In our example, container_1657863401829_0212_01_000009
has failed. So the next thing to look up is what this particular container was doing at the time of failure. We can navigate down to the subfolder that contains the logs:
The last few lines from syslog tell us the commands Hadoop was executing:
2022-07-15 06:29:14,377 INFO [main] org.apache.sqoop.mapreduce.db.DBRecordReader: Working on split: 1=1 AND 1=1
2022-07-15 06:29:14,490 INFO [main] org.apache.sqoop.mapreduce.db.DBRecordReader: Executing query: SELECT "C_PRIM_KEY_11784961","C_DATA_7CCA9B4E" FROM "PCC_ITXA"."v_pcc_itxa_spe_map_da_5504807e" WHERE ( 1=1 ) AND ( 1=1 )

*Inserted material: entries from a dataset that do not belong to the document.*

(* There is a constant $c$, independent of $n$, such that for all integers $n\ge2$ the operator norm of $\mathcal I_n^*: C(\overline\Omega_H)\to C(\overline\Omega_H)$ with respect to the uniform norm satisfies $$\|\mathcal I_n^*\|_\infty\le c(\log n)^3 .$$
   Context: Let $\mathbb R^4_H=\{\mathbf t\in\mathbb R^4: t_1+t_2+t_3+t_4=0\}$, $\mathbb Z^4_H=\mathbb Z^4\cap\mathbb R^4_H$, $\Omega_H=\{\mathbf t\in\mathbb R^4_H: -1<t_i-t_j\le1,\ 1\le i<j\le4\}$ with closure $\overline\Omega_H$. Let $\mathbb H=\{\mathbf k\in\mathbb Z^4_H: k_1\equiv k_2\equiv k_3\equiv k_4\pmod4\}$, $\phi_{\mathbf k}(\mathbf t)=e^{\frac{\pi i}{2}\mathbf k\cdot\mathbf t}$, $\mathbb H_n^*=\{\mathbf k\in\mathbb H: -4n\le k_i-k_j\le4n,\ 1\le i<j\le4\}$. For $\mathbf k\in\mathbb H_n^*$, $c^{(n)}_{\mathbf k}=1$ if $\max_ik_i-\min_ik_i<4n$, and otherwise $c^{(n)}_{\mathbf k}=1/\binom{p+q}{p}$ where $p$ (resp. $q$) is the number of coordinates equal to $\max_ik_i$ (resp. $\min_ik_i$). Let $\Phi_n^*(\mathbf t)=\frac1{4n^3}\sum_{\mathbf k\in\mathbb H_n^*}c^{(n)}_{\mathbf k}\phi_{\mathbf k}(\mathbf t)$ and, for $f\in C(\overline\Omega_H)$, $\mathcal I_n^*f(\mathbf t)=\sum_{\mathbf j\in\mathbb H_n^*}f(\tfrac{\mathbf j}{4n})\Phi_n^*(\mathbf t-\tfrac{\mathbf j}{4n})$. *)

From Stdlib Require Import Reals ZArith List Lia.
From Coquelicot Require Import Coquelicot.
Import ListNotations.
Open Scope R_scope.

2022-07-15 06:35:48,295 INFO [s3n-worker-2] com.amazon.ws.emr.hadoop.fs.s3n.MultipartUploadOutputStream: uploadPart: partNum 1
The last few lines from stdout which is the output channel of the Hadoop commands:
Jul 15, 2022 6:36:19 AM INFO: parquet.hadoop.ColumnChunkPageWriteStore: written 10,774B for [C_PRIM_KEY_11784961] BINARY: 289 values, 12,145B raw, 10,668B comp, 1 pages, encodings: [RLE, PLAIN, BIT_PACKED]
Jul 15, 2022 6:36:19 AM INFO: parquet.hadoop.ColumnChunkPageWriteStore: written 52,612,603B for [C_DATA_7CCA9B4E] BINARY: 289 values, 116,276,727B raw, 36,761,571B comp, 20 pages, encodings: [RLE, PLAIN, BIT_PACKED]
Jul 15, 2022 6:36:27 AM INFO: parquet.hadoop.InternalParquetRecordWriter: mem size 79,227,168 > 52,428,800: flushing 100 records to disk.
Jul 15, 2022 6:36:27 AM INFO: parquet.hadoop.InternalParquetRecordWriter:
Too much memory consumed
Flushing mem columnStore to file. allocated memory: 79,398,528
This indicates that the application’s parquet writer was consuming a lot of memory. We likely need to increase the number of partitions or increase the container memory sizes.
In this blog we have provided a step-by-step guide on how to debug EMR step failures including common memory failures. In a follow-up blog we will go into more details on how to fine-tune EMR step settings.